A previous study provided evidence that nearly half of the difference in eight-week body weight between two divergently selected lines of chickens was a result of four loci organized in a 'radial' network (one central locus interacting with three 'radial' loci that, in turn, only interacted with the central locus). Here, we study the relationship between phenotypic change and genetic polymorphism in this empirically detected network. We use a model-free approach to study, through individual-based simulations, the dynamic properties of this polymorphic and epistatic genetic architecture. The study provides new insights to how epistasis can modify the selection response, buffer and reveal effects of major loci leading to a progressive release of genetic variation.
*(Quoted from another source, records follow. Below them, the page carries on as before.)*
Lemma cross_atC B1 B2 : cross_at s B1 B2 = cross_at s B2 B1.
Proof.
suff cross_sym B B' : cross_at s B B' -> cross_at s B' B.
  by apply/idP/idP; apply: cross_sym.
case/existsP=> e1 /andP[He1 /existsP[e2 /andP[He2
   /existsP[h1 /andP[Hh1 /existsP[h2 /andP[Hh2 cross]]]]]]].
apply/existsP; exists h1; rewrite Hh1 /=; apply/existsP; exists h2; rewrite Hh2 /=.
apply/existsP; exists e2; rewrite He2 /=; apply/existsP; exists e1; rewrite He1 /=.
by rewrite -cyc_lt4_rot.
Qed.

End CyclicOrder.

Lemma exists_in_set2 (T : finType) (a b : T) (P : pred T) :
  [exists x in [set a; b], P x] = P a || P b.
Proof.
apply/existsP/orP => [[x /andP[]]|[Pa|Pb]].
- by rewrite !inE => /orP[]/eqP-> ->; [left|right].
- by exists a; rewrite !inE eqxx Pa.
- by exists b; rewrite !inE eqxx orbT.
Qed.

Section CrossingNumber.
Variables (n : nat) (s : seq 'I_n).

Definition crossings (M : {set {set 'I_n}}) : {set {set {set 'I_n}}} :=
  [set P : {set {set 'I_n}} | (P \subset M) &&
      [exists B1 in P, exists B2 in P,
         (P == [set B1; B2]) && (B1 != B2) && cross_at s B1 B2]].

Lemma crE M : cr s M = #|crossings M|.
Proof. by []. Qed.

Lemma cr_set0 : cr s set0 = 0%N.
Proof.
rewrite crE; apply/eqP; rewrite cards_eq0; apply/eqP/setP => P; rewrite !inE.
apply/negbTE/negP => /andP[sub /existsP[B1 /andP[PB1 _]]].
by have := subsetP sub _ PB1; rewrite inE.
Qed.

Lemma crossings_setU1 (M : {set {set 'I_n}}) (A : {set 'I_n}) : A \notin M ->
  crossings (A |: M) =
  crossings M :|: [set [set A; B] | B in [set B in M | cross_at s A B]].
Proof.
move=> AM; apply/setP => P; rewrite !inE; apply/idP/idP.
- case/andP=> sub Hex; have := Hex.
  case/existsP=> B1 /andP[PB1 /existsP[B2 /andP[PB2 /andP[/andP[/eqP EP nB] c12]]]].
  have in_M B : B \in P -> B != A -> B \in M.
    by move=> PB nBA; have := subsetP sub B PB; rewrite !inE (negbTE nBA).
  case: (boolP (A \in P)) => AP.
  + apply/orP; right; apply/imsetP.
    have : (A == B1) || (A == B2) by move: AP; rewrite EP !inE.
    case/orP=> /eqP eA.
    * exists B2; last by rewrite EP eA.
      by rewrite inE eA c12 andbT in_M // eA eq_sym.
    * exists B1; last by rewrite EP eA setUC.
      by rewrite inE eA cross_atC c12 andbT in_M // eA.
  + apply/orP; left; rewrite Hex andbT.
    apply/subsetP => X PX; apply: in_M => //.
    by apply: contraNneq AP => <-.
- case/orP.
  + case/andP=> sub ->; rewrite andbT; apply: subset_trans sub _.
    exact: subsetUr.
  + case/imsetP=> B; rewrite inE => /andP[BM cAB] ->.
    apply/andP; split.
      by apply/subsetP => X; rewrite !inE => /orP[]/eqP->; rewrite ?eqxx ?BM ?orbT.
    apply/existsP; exists A; rewrite !inE eqxx /=.
    apply/existsP; exists B; rewrite !inE eqxx orbT /= eqxx /= cAB andbT.
    by apply: contraNneq AM => ->.
Qed.

Lemma cr_setU1 (M : {set {set 'I_n}}) (A : {set 'I_n}) : A \notin M ->
  cr s (A |: M) = (cr s M + #|[set B in M | cross_at s A B]|)%N.
Proof.
move=> AM; rewrite !crE (crossings_setU1 AM) cardsU.
have -> : crossings M :&: [set [set A; B] | B in [set B in M | cross_at s A B]]
    = set0.
  apply/setP => P; rewrite !inE.
  apply/negbTE/negP => /andP[/andP[sub _] /imsetP[B _ eP]].
  by move: AM; rewrite (subsetP sub A) // eP !inE eqxx.
rewrite cards0 subn0 card_in_imset // => B B'; rewrite !inE.
move=> /andP[BM _] /andP[B'M _] eAB.
have : B \in [set A; B'] by rewrite -eAB !inE eqxx orbT.
rewrite !inE => /orP[/eqP eBA|/eqP //].
by move: AM; rewrite -eBA BM.
Qed.
(* pi is a Max-Weight (MMW) policy: with probability one, every BS whose cell
   is nonempty schedules a UE of its cell with largest index p * h_i^2
   (any tie-breaking, possibly randomized, is allowed). *)
Definition is_MMW (R : realType) (N M : nat) (p : R) (pi : policy R N M) : Prop :=
  forall (H : hist N M) (a : agev N) (c : cellv N M) (d : decv N M),
    pi H a c d != 0 ->
    forall j : 'I_M, (exists k, c k = j) ->
      exists i : 'I_N, [/\ d j = Some i, c i = j &
        forall k : 'I_N, c k = j -> p * ((a k)%:R ^+ 2) <= p * ((a i)%:R ^+ 2)].

From HB Require Import structures.
From mathcomp Require Import all_boot all_order all_algebra.
From mathcomp Require Import all_classical all_reals all_analysis.
From mathcomp Require Import fingroup perm ring lra.
Import Order.TTheory GRing.Theory Num.Theory.
Local Open Scope ring_scope.
Set Implicit Arguments. Unset Strict Implicit. Unset Printing Implicit Defensive.

(* Let gamma = E[1 / #(UEs in the cell of UE i)] under uniform mobility; by
   symmetry it does not depend on i.  A base station serves at most one UE of
   its cell, so under any policy the expected number of UEs scheduled per slot
   is at most N gamma.  The drift of the Lyapunov function
   V(h) = sum_i (h_i^2 - 2 (lam + 1) h_i) with lam = 1 / (p gamma) then yields
   AoI^pi >= (1 / (p gamma) + 1) / 2 for every policy.  Under MMW each base
   station serves the oldest UE of its cell, whose age is at least the average
   age in that cell; hence E[sum_i h_i(t+1)] <= (1 - p gamma) E[sum_i h_i(t)] + N,
   and averaging over time gives AoI^MMW <= 1 / (p gamma) <= 2 AoI^*. *)

Section WeightedSums.
Variables (R : numDomainType) (I : finType) (w : I -> R).

Lemma wsumr_affine (f g : I -> R) k :
  \sum_x w x * (k * f x + g x) = k * \sum_x w x * f x + \sum_x w x * g x.
Proof. by rewrite mulr_sumr -big_split; apply: eq_bigr => x _ /=; ring. Qed.

Lemma wsumr_const k : \sum_x w x = 1 -> \sum_x w x * k = k.
Proof. by rewrite -mulr_suml => ->; rewrite mul1r. Qed.

Hypothesis w_ge0 : forall x, 0 <= w x.

Lemma ler_wsum (f g : I -> R) :
  (forall x, f x <= g x) -> \sum_x w x * f x <= \sum_x w x * g x.
Proof. by move=> fg; apply: ler_sum => x _; apply: ler_wpM2l. Qed.

Lemma wsumr_ge0 (f : I -> R) : (forall x, 0 <= f x) -> 0 <= \sum_x w x * f x.
Proof. by move=> f0; apply: sumr_ge0 => x _; apply: mulr_ge0. Qed.

End WeightedSums.

Section Limsup.
Variable R : realType.

Lemma div_nat_le_eventually (K e : R) : 0 < e ->
  exists n0, forall k, (n0 <= k)%N -> `|K| / k%:R <= e.
Proof.
move=> e_gt0; exists (Num.bound (`|K| / e)).+1 => k n0k.
have k_gt0 : 0 < k%:R :> R by rewrite ltr0n (leq_trans _ n0k).
rewrite ler_pdivrMr // mulrC -ler_pdivrMr //; apply/ltW/(lt_le_trans (archi_boundP _)).
  by rewrite divr_ge0 // ltW.
by rewrite ler_nat ltnW.
Qed.

Lemma limn_esup_le_inv_nat (u : nat -> R) (x K : R) :
  (forall k, (0 < k)%N -> u k <= x + K / k%:R) ->
  (limn_esup (fun k => (u k)%:E) <= x%:E)%E.
Proof.
move=> ub; rewrite limn_esup_lim; apply/lee_addgt0Pr => e e_gt0.
have [n0 small] := div_nat_le_eventually K e_gt0.
apply: lime_le; first exact: is_cvg_esups.
exists n0.+1 => // n /= n0n; apply: ge_ereal_sup => _ [k /= nk <-].
have n0k : (n0 < k)%N := leq_trans n0n nk.
rewrite -EFinD lee_fin (le_trans (ub k (leq_ltn_trans (leq0n _) n0k))) // lerD2l.
apply: le_trans (small k (ltnW n0k)); apply: ler_wpM2r; last exact: ler_norm.
by rewrite invr_ge0.
Qed.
We also illustrate the difficulty of predicting genetic architecture from observed selection response, and discuss mechanisms that might lead to misleading conclusions on underlying genetic architectures from quantitative trait locus (QTL) experiments in selected populations.

Conclusion

Considering both molecular (QTL) and phenotypic (selection response) data, as suggested in this work, provides additional insights into the genetic mechanisms involved in the response to selection. Such dissection of genetic architectures and in-depth studies of their ability to contribute to short- or long-term selection response represents an important step towards a better understanding of the genetic bases of complex traits and, consequently, of the evolutionary properties of populations.